◆ Work order: Please output exactly the part of the records below that opens with the line containing "(* The columns" and closes with the line containing "0 <= x -> 0 <= y -> x", both lines included, and nothing else.

[Records for the exercise — start]

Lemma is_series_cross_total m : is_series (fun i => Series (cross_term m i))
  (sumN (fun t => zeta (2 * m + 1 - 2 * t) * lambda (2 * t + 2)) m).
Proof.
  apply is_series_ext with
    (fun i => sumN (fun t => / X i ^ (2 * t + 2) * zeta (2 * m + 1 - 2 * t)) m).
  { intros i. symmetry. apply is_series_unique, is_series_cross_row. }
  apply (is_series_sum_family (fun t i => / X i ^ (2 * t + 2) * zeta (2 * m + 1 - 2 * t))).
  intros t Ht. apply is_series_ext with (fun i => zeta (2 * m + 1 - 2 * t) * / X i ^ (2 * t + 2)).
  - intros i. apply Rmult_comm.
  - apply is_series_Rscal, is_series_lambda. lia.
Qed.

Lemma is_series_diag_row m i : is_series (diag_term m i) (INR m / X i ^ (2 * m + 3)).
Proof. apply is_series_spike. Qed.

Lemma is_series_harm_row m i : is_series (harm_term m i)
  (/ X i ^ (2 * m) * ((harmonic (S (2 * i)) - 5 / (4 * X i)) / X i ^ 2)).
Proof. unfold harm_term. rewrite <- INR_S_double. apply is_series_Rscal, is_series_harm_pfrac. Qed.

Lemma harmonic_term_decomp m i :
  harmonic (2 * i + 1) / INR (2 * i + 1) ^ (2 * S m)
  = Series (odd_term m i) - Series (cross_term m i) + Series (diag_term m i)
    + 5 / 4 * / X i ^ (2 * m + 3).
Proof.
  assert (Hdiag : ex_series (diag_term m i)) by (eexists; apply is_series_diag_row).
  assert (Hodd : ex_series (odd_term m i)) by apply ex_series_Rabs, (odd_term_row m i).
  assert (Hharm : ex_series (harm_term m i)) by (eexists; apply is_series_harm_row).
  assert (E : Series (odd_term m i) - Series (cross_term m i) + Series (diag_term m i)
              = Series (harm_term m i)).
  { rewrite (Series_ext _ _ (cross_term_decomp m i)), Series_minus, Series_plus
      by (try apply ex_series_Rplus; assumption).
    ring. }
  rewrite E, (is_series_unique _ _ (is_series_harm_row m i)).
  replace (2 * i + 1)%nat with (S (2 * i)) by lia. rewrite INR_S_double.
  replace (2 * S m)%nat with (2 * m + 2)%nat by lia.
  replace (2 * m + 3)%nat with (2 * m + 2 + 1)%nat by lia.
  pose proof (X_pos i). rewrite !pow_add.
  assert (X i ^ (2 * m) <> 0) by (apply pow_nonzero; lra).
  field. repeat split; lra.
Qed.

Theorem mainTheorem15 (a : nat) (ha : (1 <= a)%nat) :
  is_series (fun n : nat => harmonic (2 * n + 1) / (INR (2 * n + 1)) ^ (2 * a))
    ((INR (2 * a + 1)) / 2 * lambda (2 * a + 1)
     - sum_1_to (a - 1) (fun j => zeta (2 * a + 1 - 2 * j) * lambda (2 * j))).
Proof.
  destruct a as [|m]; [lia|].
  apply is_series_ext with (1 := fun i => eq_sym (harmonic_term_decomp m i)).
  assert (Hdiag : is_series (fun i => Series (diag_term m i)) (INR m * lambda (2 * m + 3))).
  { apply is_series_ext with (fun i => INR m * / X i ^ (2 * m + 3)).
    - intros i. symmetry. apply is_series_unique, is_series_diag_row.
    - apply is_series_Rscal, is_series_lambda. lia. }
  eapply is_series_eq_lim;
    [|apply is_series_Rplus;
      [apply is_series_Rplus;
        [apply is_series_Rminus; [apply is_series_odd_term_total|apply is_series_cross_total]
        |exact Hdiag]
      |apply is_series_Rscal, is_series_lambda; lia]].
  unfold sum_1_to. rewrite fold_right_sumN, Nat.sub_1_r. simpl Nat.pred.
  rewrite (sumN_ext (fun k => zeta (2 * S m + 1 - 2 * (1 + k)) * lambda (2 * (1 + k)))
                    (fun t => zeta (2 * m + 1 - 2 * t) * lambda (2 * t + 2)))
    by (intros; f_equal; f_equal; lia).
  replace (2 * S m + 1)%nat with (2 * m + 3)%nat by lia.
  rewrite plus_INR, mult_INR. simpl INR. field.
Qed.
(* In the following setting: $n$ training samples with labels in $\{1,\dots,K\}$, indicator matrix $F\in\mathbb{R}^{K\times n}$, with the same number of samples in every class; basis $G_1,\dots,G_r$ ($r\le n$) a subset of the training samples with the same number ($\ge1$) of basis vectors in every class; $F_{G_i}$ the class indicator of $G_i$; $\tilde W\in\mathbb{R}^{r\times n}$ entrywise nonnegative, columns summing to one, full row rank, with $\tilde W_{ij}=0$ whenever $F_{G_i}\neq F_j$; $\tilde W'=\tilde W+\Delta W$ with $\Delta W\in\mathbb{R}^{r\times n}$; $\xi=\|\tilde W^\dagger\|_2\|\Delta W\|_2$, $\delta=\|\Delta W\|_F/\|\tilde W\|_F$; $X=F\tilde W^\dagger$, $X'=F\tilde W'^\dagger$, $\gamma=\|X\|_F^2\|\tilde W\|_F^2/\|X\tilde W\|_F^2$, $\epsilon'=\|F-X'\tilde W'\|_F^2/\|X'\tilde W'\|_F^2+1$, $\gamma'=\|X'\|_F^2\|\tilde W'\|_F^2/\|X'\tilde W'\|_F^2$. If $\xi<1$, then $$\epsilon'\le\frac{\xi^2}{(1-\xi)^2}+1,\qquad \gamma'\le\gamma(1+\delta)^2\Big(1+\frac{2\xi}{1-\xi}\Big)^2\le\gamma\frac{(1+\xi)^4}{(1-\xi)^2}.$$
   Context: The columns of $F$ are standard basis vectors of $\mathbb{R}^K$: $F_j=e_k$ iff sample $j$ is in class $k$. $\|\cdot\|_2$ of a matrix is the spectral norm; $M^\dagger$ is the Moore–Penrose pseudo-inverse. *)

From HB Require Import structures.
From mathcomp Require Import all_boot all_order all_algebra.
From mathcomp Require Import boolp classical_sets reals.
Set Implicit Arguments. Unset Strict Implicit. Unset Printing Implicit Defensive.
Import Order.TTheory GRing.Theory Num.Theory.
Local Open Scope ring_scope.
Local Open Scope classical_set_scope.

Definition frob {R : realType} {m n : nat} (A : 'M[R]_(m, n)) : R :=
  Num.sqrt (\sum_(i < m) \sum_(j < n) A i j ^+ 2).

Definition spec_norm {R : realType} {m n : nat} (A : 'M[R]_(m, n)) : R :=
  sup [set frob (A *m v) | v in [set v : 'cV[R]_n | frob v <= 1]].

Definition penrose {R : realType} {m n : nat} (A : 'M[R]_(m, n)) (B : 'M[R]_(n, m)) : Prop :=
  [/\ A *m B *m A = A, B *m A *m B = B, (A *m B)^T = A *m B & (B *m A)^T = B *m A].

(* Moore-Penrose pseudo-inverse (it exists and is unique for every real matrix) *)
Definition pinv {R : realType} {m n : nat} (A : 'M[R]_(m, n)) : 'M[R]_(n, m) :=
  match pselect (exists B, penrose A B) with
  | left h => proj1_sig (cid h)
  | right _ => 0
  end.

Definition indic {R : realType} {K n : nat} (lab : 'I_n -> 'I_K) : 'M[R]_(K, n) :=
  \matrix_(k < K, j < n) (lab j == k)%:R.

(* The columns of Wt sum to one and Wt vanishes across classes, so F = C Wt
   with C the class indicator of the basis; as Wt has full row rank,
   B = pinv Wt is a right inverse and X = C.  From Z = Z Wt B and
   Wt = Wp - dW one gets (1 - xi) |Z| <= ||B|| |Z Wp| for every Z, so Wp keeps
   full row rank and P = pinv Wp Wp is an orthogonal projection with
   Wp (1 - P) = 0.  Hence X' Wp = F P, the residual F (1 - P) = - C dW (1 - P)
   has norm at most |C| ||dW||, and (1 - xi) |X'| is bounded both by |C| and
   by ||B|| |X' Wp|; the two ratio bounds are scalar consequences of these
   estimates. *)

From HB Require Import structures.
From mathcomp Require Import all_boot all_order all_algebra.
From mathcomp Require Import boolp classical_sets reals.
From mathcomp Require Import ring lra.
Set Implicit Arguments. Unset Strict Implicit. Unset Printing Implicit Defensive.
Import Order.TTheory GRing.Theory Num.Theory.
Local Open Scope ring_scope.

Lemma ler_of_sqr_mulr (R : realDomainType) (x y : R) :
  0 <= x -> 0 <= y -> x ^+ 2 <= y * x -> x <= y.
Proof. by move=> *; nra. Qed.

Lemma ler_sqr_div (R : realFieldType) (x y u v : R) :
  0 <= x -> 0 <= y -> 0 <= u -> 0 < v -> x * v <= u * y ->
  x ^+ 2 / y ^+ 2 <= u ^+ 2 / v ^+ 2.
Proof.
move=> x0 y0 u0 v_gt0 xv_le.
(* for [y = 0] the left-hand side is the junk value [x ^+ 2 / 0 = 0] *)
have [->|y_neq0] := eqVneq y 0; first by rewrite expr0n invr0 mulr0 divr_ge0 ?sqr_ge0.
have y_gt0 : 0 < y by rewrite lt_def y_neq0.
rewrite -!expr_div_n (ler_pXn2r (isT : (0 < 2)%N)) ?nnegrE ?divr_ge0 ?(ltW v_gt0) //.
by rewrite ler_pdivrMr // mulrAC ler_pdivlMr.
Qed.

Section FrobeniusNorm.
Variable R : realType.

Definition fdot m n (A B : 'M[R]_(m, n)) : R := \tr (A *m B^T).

[Records for the exercise — finish]
[Records for the exercise — start]

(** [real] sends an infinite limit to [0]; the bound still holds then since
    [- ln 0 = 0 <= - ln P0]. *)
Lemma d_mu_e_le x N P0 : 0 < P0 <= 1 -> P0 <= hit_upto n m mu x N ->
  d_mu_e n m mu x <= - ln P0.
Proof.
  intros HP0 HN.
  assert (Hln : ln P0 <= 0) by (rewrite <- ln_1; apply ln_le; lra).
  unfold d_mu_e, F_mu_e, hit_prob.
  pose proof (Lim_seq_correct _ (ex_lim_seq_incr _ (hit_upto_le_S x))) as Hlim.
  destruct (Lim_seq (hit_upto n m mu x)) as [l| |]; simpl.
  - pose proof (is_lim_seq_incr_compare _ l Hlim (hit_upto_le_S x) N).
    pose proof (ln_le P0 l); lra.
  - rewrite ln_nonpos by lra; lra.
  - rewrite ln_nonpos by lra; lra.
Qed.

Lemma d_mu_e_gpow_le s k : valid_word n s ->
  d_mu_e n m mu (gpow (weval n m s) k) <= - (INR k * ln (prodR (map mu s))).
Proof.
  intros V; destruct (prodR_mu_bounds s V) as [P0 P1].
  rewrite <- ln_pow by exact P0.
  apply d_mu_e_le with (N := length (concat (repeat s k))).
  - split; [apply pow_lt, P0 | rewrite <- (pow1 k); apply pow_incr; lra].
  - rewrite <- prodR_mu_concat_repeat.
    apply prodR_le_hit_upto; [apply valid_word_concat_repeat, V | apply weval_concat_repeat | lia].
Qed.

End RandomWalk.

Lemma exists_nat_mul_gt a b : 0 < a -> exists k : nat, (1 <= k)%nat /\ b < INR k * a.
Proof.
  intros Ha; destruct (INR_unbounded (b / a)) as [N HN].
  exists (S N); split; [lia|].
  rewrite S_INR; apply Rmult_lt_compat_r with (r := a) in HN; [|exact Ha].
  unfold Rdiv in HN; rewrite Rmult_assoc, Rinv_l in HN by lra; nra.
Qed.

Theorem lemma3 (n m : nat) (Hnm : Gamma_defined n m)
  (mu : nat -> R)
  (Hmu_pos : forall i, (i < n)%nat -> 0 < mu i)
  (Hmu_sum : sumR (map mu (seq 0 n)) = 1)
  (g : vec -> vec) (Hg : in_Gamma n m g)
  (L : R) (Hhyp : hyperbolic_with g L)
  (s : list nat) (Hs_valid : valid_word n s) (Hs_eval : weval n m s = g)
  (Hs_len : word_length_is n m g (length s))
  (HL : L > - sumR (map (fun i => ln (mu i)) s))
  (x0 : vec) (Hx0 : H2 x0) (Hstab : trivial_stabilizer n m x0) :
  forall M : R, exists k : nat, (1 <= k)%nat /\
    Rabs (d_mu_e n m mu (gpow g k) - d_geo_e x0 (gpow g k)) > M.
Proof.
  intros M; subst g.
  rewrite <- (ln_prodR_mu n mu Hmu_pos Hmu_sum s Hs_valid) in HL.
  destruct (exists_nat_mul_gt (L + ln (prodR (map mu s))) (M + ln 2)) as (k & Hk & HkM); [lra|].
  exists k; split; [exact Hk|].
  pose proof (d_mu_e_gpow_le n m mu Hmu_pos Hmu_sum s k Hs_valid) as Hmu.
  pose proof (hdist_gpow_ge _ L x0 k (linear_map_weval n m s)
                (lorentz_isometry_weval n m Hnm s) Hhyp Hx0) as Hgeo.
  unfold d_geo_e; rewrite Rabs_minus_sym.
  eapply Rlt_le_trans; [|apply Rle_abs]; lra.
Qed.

[Records for the exercise — finish]
[Records for the exercise — start]

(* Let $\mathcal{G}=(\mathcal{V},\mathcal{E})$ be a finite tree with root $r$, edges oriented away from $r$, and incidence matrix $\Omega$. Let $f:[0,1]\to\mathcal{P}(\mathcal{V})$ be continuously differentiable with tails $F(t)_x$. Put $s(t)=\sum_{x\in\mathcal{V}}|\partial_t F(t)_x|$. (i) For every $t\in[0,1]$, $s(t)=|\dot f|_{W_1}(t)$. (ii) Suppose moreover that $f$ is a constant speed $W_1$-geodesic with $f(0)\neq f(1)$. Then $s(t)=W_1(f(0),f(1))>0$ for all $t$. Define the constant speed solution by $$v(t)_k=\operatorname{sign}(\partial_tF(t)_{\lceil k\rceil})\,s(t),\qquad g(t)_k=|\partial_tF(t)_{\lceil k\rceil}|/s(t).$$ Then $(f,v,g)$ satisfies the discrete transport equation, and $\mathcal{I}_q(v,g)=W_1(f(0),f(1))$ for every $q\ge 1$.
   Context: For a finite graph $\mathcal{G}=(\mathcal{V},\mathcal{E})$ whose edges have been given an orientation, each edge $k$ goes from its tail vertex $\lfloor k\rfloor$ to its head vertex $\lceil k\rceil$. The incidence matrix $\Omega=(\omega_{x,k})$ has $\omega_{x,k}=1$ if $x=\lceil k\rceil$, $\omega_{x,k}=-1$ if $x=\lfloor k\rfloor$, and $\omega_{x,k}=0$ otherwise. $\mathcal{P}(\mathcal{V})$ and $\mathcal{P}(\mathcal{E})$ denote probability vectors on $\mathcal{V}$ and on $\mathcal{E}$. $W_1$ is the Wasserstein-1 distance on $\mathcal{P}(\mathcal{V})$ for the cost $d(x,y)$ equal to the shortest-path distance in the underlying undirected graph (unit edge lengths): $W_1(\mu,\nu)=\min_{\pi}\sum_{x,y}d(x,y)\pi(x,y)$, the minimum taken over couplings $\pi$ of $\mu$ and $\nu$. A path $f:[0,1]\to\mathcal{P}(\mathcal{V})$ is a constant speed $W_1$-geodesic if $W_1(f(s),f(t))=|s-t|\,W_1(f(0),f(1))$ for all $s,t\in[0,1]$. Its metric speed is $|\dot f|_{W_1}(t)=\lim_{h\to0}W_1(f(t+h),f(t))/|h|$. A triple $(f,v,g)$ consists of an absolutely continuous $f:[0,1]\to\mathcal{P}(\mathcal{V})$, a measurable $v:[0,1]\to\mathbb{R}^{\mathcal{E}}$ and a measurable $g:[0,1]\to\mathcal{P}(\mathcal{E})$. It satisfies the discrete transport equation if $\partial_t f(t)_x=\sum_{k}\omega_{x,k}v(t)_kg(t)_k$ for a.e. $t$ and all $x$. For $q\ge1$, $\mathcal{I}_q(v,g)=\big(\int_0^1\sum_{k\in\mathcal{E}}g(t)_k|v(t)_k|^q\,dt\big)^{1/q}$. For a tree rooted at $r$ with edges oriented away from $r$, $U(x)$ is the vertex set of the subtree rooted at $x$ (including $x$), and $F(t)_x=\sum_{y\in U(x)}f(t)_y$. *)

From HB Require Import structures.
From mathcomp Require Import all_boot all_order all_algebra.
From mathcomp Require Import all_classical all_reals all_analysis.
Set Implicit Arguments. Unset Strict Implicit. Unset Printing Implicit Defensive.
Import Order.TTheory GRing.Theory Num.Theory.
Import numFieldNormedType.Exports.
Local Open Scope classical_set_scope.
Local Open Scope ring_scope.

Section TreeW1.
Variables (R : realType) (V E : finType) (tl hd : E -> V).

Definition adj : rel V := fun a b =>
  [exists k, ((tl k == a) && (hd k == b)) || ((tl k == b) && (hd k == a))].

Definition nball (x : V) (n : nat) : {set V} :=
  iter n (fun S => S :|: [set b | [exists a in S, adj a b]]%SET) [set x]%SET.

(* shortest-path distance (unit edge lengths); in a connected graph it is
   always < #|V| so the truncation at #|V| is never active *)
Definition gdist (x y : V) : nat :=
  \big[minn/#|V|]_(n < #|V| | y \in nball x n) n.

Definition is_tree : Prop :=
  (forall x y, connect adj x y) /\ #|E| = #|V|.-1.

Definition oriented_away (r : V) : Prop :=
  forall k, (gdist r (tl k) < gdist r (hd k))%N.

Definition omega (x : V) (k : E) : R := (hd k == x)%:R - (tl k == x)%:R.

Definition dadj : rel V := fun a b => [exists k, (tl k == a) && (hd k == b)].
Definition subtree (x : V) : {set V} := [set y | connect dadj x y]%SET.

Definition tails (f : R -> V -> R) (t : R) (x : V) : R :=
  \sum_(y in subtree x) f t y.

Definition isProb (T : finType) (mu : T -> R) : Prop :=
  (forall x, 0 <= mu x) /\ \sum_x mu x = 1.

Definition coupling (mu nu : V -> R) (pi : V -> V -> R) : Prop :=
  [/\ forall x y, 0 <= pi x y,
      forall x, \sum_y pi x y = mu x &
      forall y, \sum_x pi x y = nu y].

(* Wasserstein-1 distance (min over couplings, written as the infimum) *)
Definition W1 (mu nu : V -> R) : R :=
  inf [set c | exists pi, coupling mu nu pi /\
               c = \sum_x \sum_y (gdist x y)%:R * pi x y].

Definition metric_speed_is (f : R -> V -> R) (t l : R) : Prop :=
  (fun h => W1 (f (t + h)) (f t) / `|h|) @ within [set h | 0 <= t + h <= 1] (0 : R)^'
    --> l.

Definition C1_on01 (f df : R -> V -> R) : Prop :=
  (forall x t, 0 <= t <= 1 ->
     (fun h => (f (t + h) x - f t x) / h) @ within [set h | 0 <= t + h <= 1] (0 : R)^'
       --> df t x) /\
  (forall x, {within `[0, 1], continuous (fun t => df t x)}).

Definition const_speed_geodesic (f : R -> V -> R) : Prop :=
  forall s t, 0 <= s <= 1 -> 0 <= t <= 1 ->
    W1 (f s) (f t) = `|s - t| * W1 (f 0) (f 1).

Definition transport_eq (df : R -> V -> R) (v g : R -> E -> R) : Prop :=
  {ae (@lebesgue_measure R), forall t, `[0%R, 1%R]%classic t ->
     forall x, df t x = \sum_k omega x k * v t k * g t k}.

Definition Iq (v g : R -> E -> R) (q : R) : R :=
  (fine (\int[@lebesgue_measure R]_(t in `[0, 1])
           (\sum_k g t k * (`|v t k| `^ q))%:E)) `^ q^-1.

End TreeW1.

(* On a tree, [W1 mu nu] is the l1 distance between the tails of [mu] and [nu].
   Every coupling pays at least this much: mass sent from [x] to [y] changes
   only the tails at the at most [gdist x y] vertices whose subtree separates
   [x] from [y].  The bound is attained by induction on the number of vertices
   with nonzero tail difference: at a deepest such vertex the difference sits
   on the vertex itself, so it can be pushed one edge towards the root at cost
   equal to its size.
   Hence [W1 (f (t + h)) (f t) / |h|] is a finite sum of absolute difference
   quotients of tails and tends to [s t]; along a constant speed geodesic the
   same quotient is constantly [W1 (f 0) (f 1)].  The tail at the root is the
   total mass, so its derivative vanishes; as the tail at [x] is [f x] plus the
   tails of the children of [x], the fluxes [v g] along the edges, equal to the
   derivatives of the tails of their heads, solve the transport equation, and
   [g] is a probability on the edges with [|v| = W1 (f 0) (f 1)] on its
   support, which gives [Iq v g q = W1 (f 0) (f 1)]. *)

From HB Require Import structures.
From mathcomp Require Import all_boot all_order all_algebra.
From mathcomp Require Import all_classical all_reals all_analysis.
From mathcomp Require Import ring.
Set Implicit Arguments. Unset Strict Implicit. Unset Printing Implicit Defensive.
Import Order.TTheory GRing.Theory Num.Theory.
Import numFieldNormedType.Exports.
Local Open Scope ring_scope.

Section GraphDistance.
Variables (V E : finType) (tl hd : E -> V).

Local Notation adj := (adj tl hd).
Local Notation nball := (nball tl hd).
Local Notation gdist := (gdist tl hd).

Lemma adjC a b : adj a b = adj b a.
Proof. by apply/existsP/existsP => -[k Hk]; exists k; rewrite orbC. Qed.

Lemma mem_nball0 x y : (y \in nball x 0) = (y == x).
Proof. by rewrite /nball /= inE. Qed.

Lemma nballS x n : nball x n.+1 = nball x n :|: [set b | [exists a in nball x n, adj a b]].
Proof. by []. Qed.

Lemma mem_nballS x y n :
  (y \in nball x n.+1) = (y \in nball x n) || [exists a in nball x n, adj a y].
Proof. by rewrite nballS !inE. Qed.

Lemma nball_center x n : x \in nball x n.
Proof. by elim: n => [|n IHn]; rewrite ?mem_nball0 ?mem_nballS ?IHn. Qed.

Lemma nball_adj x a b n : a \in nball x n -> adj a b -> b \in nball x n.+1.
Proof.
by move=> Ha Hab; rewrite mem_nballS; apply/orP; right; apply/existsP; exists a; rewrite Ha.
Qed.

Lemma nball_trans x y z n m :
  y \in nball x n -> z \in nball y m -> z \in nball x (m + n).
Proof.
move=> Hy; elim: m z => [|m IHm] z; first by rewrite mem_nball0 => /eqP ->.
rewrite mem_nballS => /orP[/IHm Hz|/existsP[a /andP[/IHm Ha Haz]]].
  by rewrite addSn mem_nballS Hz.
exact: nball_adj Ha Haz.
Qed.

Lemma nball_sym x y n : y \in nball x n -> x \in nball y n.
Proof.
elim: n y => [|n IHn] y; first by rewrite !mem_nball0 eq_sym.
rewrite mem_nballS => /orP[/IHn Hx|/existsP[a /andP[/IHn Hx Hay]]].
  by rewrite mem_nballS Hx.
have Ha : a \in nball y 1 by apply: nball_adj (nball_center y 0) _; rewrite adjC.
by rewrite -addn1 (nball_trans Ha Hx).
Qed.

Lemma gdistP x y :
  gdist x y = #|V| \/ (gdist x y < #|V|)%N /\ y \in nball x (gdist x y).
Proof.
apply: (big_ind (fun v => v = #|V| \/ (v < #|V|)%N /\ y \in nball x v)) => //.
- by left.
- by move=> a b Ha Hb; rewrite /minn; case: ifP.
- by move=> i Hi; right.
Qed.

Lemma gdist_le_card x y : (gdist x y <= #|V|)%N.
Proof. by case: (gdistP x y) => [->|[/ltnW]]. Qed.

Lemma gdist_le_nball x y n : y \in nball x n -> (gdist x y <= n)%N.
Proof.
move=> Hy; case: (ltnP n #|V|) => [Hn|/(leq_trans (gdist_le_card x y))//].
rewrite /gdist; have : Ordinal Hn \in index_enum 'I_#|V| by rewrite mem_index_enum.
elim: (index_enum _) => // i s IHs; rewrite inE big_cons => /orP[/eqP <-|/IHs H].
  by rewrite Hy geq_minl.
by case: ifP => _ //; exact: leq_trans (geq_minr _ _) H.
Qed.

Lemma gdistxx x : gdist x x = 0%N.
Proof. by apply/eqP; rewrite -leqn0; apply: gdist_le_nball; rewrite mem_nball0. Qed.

[Records for the exercise — finish]

◆ Output for this exercise:
(* The columns of Wt sum to one and Wt vanishes across classes, so F = C Wt
   with C the class indicator of the basis; as Wt has full row rank,
   B = pinv Wt is a right inverse and X = C.  From Z = Z Wt B and
   Wt = Wp - dW one gets (1 - xi) |Z| <= ||B|| |Z Wp| for every Z, so Wp keeps
   full row rank and P = pinv Wp Wp is an orthogonal projection with
   Wp (1 - P) = 0.  Hence X' Wp = F P, the residual F (1 - P) = - C dW (1 - P)
   has norm at most |C| ||dW||, and (1 - xi) |X'| is bounded both by |C| and
   by ||B|| |X' Wp|; the two ratio bounds are scalar consequences of these
   estimates. *)

From HB Require Import structures.
From mathcomp Require Import all_boot all_order all_algebra.
From mathcomp Require Import boolp classical_sets reals.
From mathcomp Require Import ring lra.
Set Implicit Arguments. Unset Strict Implicit. Unset Printing Implicit Defensive.
Import Order.TTheory GRing.Theory Num.Theory.
Local Open Scope ring_scope.

Lemma ler_of_sqr_mulr (R : realDomainType) (x y : R) :
  0 <= x -> 0 <= y -> x ^+ 2 <= y * x -> x <= y.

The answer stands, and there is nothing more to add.